Df4 = df.copy () bins = [0,59,70,80,100] df4 ['Score_Label'] = pd.cut (df4 [' Score'], bins)

You can also use the labels parameter directly to change the name of the corresponding group, isn't it much more convenient?

Df4 ['Score_Label_new'] = pd.cut (df4 [' Score'], bins, labels= ['low',' middle', 'good',' perfect'])

Using sklearn binarization

Since it is related to machine learning, sklearn will definitely not run away. If you need to add a new column and determine whether the score is passed or not, you can use the Binarizer function. The code is simple and easy to understand.

Df5 = df.copy () binerize = Binarizer (threshold = 60) trans = binerize.fit_transform (np.array (df1 ['Score']). Reshape (- 1) df5 [' Score_Label'] = trans

Text-based data

What's more common is to transform and tag text data. For example, a new column is added to mark male and female as 0 and 1, respectively.

Use replace

First of all, I will introduce replace, but it should be noted that the methods related to custom functions mentioned above are still feasible.

Df6 = df.copy () df6 ['Sex_Label'] = df6 [' Sex'] .replace (['Male','Female'], [0meme 1])

The above operation is for gender. Since there are only men and women, you can specify 0 and 1 manually, but if there are many categories, you can also use pd.value_counts () to automatically specify tags, such as grouping Course Name columns.

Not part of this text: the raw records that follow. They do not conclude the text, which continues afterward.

(** * Maximal independent sets of paths *)

Lemma maximal_independent_neighbor (V : finType) (e : rel V) (C : {set V}) (x : V) :
  irreflexive e -> maximal_independent e C -> x \notin C -> exists2 y, y \in C & e x y || e y x.
Proof.
move=> irr_e [indC maxC] xNC.
have [/exists_inP[y Cy exy]|noadj] := boolP [exists y in C, e x y || e y x]; first by exists y.
case/negP: xNC; rewrite -(maxC (x |: C)) ?setU11 ?subsetUr //.
apply/independentP => u v; rewrite !inE => /predU1P[->|Cu] /predU1P[->|Cv].
- by rewrite irr_e.
- by apply: contra noadj => exv; apply/exists_inP; exists v; rewrite ?exv.
- by apply: contra noadj => eux; apply/exists_inP; exists u; rewrite ?eux ?orbT.
- by move/independentP: indC; apply.
Qed.

Lemma path_rel_irr n : irreflexive (@path_rel n).
Proof. by move=> i; rewrite /path_rel orbb gtn_eqF. Qed.

Definition dominating (w : bitseq) : Prop :=
  forall i, (i < size w)%N ->
  [|| nth false w i, (0 < i)%N && nth false w i.-1 | nth false w i.+1].

Lemma maximal_path_dominating n (C : {set 'I_n}) :
  maximal_independent (@path_rel n) C -> dominating (bitseq_of C).
Proof.
move=> maxC i; rewrite size_bitseq_of => lt_in; rewrite (nth_bitseq_of _ (Ordinal lt_in)).
have [//|iNC] := boolP (Ordinal lt_in \in C).
have [y Cy adj] := maximal_independent_neighbor (@path_rel_irr n) maxC iNC.
have {adj} : (i.+1 == y) || (y.+1 == i).
  by move: adj; rewrite /path_rel /=; case: (i.+1 == y); case: (y.+1 == i).
case/orP => /eqP eq_iy; first by rewrite eq_iy (nth_bitseq_of _ y) Cy !orbT.
by rewrite -eq_iy /= (nth_bitseq_of _ y) Cy.
Qed.

Inductive gap_tail : bitseq -> Prop :=
| GapNil : gap_tail [::]
| GapEnd : gap_tail [:: false]
| Gap1 r of gap_tail r : gap_tail [:: false, true & r]
| Gap2 r of gap_tail r : gap_tail [:: false, false, true & r].

Lemma gap_tail_of r : spaced (true :: r) -> dominating (true :: r) -> gap_tail r.
Proof.
elim: {r}(size r).+1 {-2}r (ltnSn (size r)) => // k IH [|[] r] lt_rk spr dom.
- exact: GapNil.
- by rewrite spaced_true in spr.
case: r lt_rk spr dom => [|[] r] lt_rk spr dom; first exact: GapEnd.
  rewrite spaced_true spaced_false in spr; apply/Gap1/IH => //; first by rewrite -ltnS ltnW.
  by case=> [//|i] lt_i; apply: (dom i.+3).
case: r lt_rk spr dom => [|[] r] lt_rk spr dom; first by have := dom 2%N isT.
  rewrite !spaced_true !spaced_false in spr; apply/Gap2/IH => //.
    by rewrite -ltnS (ltn_trans _ lt_rk).
  by case=> [//|i] lt_i; apply: (dom i.+4).
by have := dom 2%N isT.
Qed.

Definition blocks2 k : bitseq := flatten (nseq k [:: false; false; true]).

Lemma blocks2S k : blocks2 k.+1 = [:: false, false, true & blocks2 k].
Proof. by []. Qed.

Section GapTail.
Local Open Scope ring_scope.

Lemma indep_max_gap_tail r : gap_tail r ->
  indep_max (map negb r) = (count id r + ~~ last true r)%N.
Proof.
elim=> {r} [||r _ IH|r _ IH]; first exact: indep_max_nil.
- by rewrite /= indep_max_true !indep_max_nil.
- rewrite -[map _ _]/([:: true] ++ false :: map negb r) indep_max_cat IH.
  by rewrite indep_max_true !indep_max_nil.
- rewrite -[map _ _]/([:: true; true] ++ false :: map negb r) indep_max_cat IH.
  by rewrite !indep_max_true !indep_max_nil.
Qed.

Lemma gap_tail_bound r : gap_tail r -> (2 * (count id r + ~~ last true r) <= size r + 1)%N.
Proof. by elim=> {r} [||r _|r _] //=; case: (last true r) => /=; lia. Qed.

Lemma indep_sign_gap_tail r : gap_tail r ->
  indep_sign (map negb r) = if r == blocks2 (size r %/ 3) then (-1) ^+ (size r %/ 3) else 0.
Proof.
elim=> {r} [||r _ IH|r _ IH]; first exact: indep_sign_nil.
- by rewrite /= indep_sign_true !indep_sign_nil subrr.
- rewrite -[map _ _]/([:: true] ++ false :: map negb r) indep_sign_cat /=.
  rewrite indep_sign_true !indep_sign_nil subrr mul0r.
  by case: ((size r).+2 %/ 3)%N.
- rewrite -[map _ _]/([:: true; true] ++ false :: map negb r) indep_sign_cat IH /=.
  rewrite !indep_sign_true !indep_sign_nil subrr sub0r.
  rewrite (_ : (size r).+3 %/ 3 = (size r %/ 3).+1)%N; last by lia.
  rewrite blocks2S !eqseq_cons /= exprS.
  by case: (r == _); rewrite ?mulr0 // mulN1r mulNr mul1r.
Qed.

End GapTail.

Definition gap_shape (w : bitseq) : Prop :=
  exists2 r, gap_tail r & w = true :: r \/ w = false :: true :: r.

(* For the indicator w of C, this is the c + delta of the statement. *)
Definition count_delta (w : bitseq) : nat := count id w + ~~ head false w + ~~ last false w.

Lemma gap_shape_of w : spaced w -> dominating w -> (0 < size w)%N -> gap_shape w.
Proof.
case: w => [//|[] w] spw dom _.
  by exists w; [apply: gap_tail_of | left].
case: w spw dom => [|[] w] spw dom; try by have := dom 0%N isT.
exists w; last by right.
apply: gap_tail_of; first by rewrite spaced_false in spw.
by case=> [//|i] lt_i; apply: (dom i.+2).
Qed.

Lemma gap_shape_indep_max w : gap_shape w -> (indep_max (map negb w)).+1 = count_delta w.
Proof.
case=> r gr [->|->]; rewrite /count_delta /=.
  by rewrite indep_max_false indep_max_gap_tail // addn0 add1n.
rewrite -[true :: _]/([:: true] ++ false :: map negb r) indep_max_cat indep_max_gap_tail //.
by rewrite indep_max_true !indep_max_nil /= addn1 add1n.
Qed.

Df6 = df.copy () value = df6 ['Course Name']. Value_counts () value_map = dict ((v, I) for I in enumerate (value.index)) df6 [' Course Name_Label'] = df6.replace ({'Course Name':value_map}) [' Course Name']

Use map

Additional emphasis is that a new column must be able to think of map

Df7 = df.copy () Map = {elem:index for index,elem in enumerate (set (df ["Course Name"]))} df7 ['Course Name_Label'] = df7 [' Course Name'] .map (Map)

Use astype

This method should be unknown to many people. This belongs to the Zhihu problem mentioned above. There are too many ways to realize it.

Df8 = df.copy () value = df8 ['Course Name'] .astype (' category') df8 ['Course Name_Label'] = value.cat.codes

Use sklearn

Like the numerical type, sklearn must have a way to encode the classified data with LabelEncoder, which is a classic operation in machine learning.

From sklearn.preprocessing import LabelEncoderdf9 = df.copy () le = LabelEncoder () le.fit (df9 ['Sex']) df9 [' Sex_Label'] = le.transform (df9 ['Sex']) le.fit (df9 [' Course Name']) df9 ['Course Name_Label'] = le.transform (df9 [' Course Name'])

It is also possible to convert two columns at once.

Df9 = df.copy () le = OrdinalEncoder () le.fit (df9 ['Sex','Course Name']]) df9 [[' Sex_Label','Course Name_Label']] = le.transform (df9 [['Sex','Course Name']]) using factorize

Finally, to introduce a niche but easy-to-use pandas method, we need to note that in the above method, automatically generated Course Name_Label columns, although a data corresponds to a language, because to avoid writing custom functions or dictionaries, it can be automatically generated, so most of them are unordered.

If we want it to be orderly, that is, Python corresponds to 0 and Java corresponds to 1, is there any elegant way other than to specify it ourselves? You can use factorize, which is encoded according to the order in which it appears.

Df10 = df.copy () df10 ['Course Name_Label'] = pd.factorize (df10 [' Course Name']) [0]

Combined with anonymous functions, we can do sequential transcoding of multiple columns.

Df10 = df.copy () cat_columns = df10.select_dtypes (['object']). Columnsdf10 [[' Sex_Label', 'Course Name_Label']] = DF10 [cat _ columns] .apply (lambda x: pd.factorize (x) [0])

This is the end of the content about "what are the ways in which Pandas encodes data". Thank you for your reading. If you want to know more about the industry, you can follow the industry information channel. The editor will update different knowledge points for you every day.

Welcome to subscribe "Shulou Technology Information " to get latest news, interesting things and hot topics in the IT industry, and controls the hottest and latest Internet news, technology news and IT industry trends.

*The comments in the above article only represent the author's personal views and do not represent the views and positions of this website. If you have more insights, please feel free to contribute and share.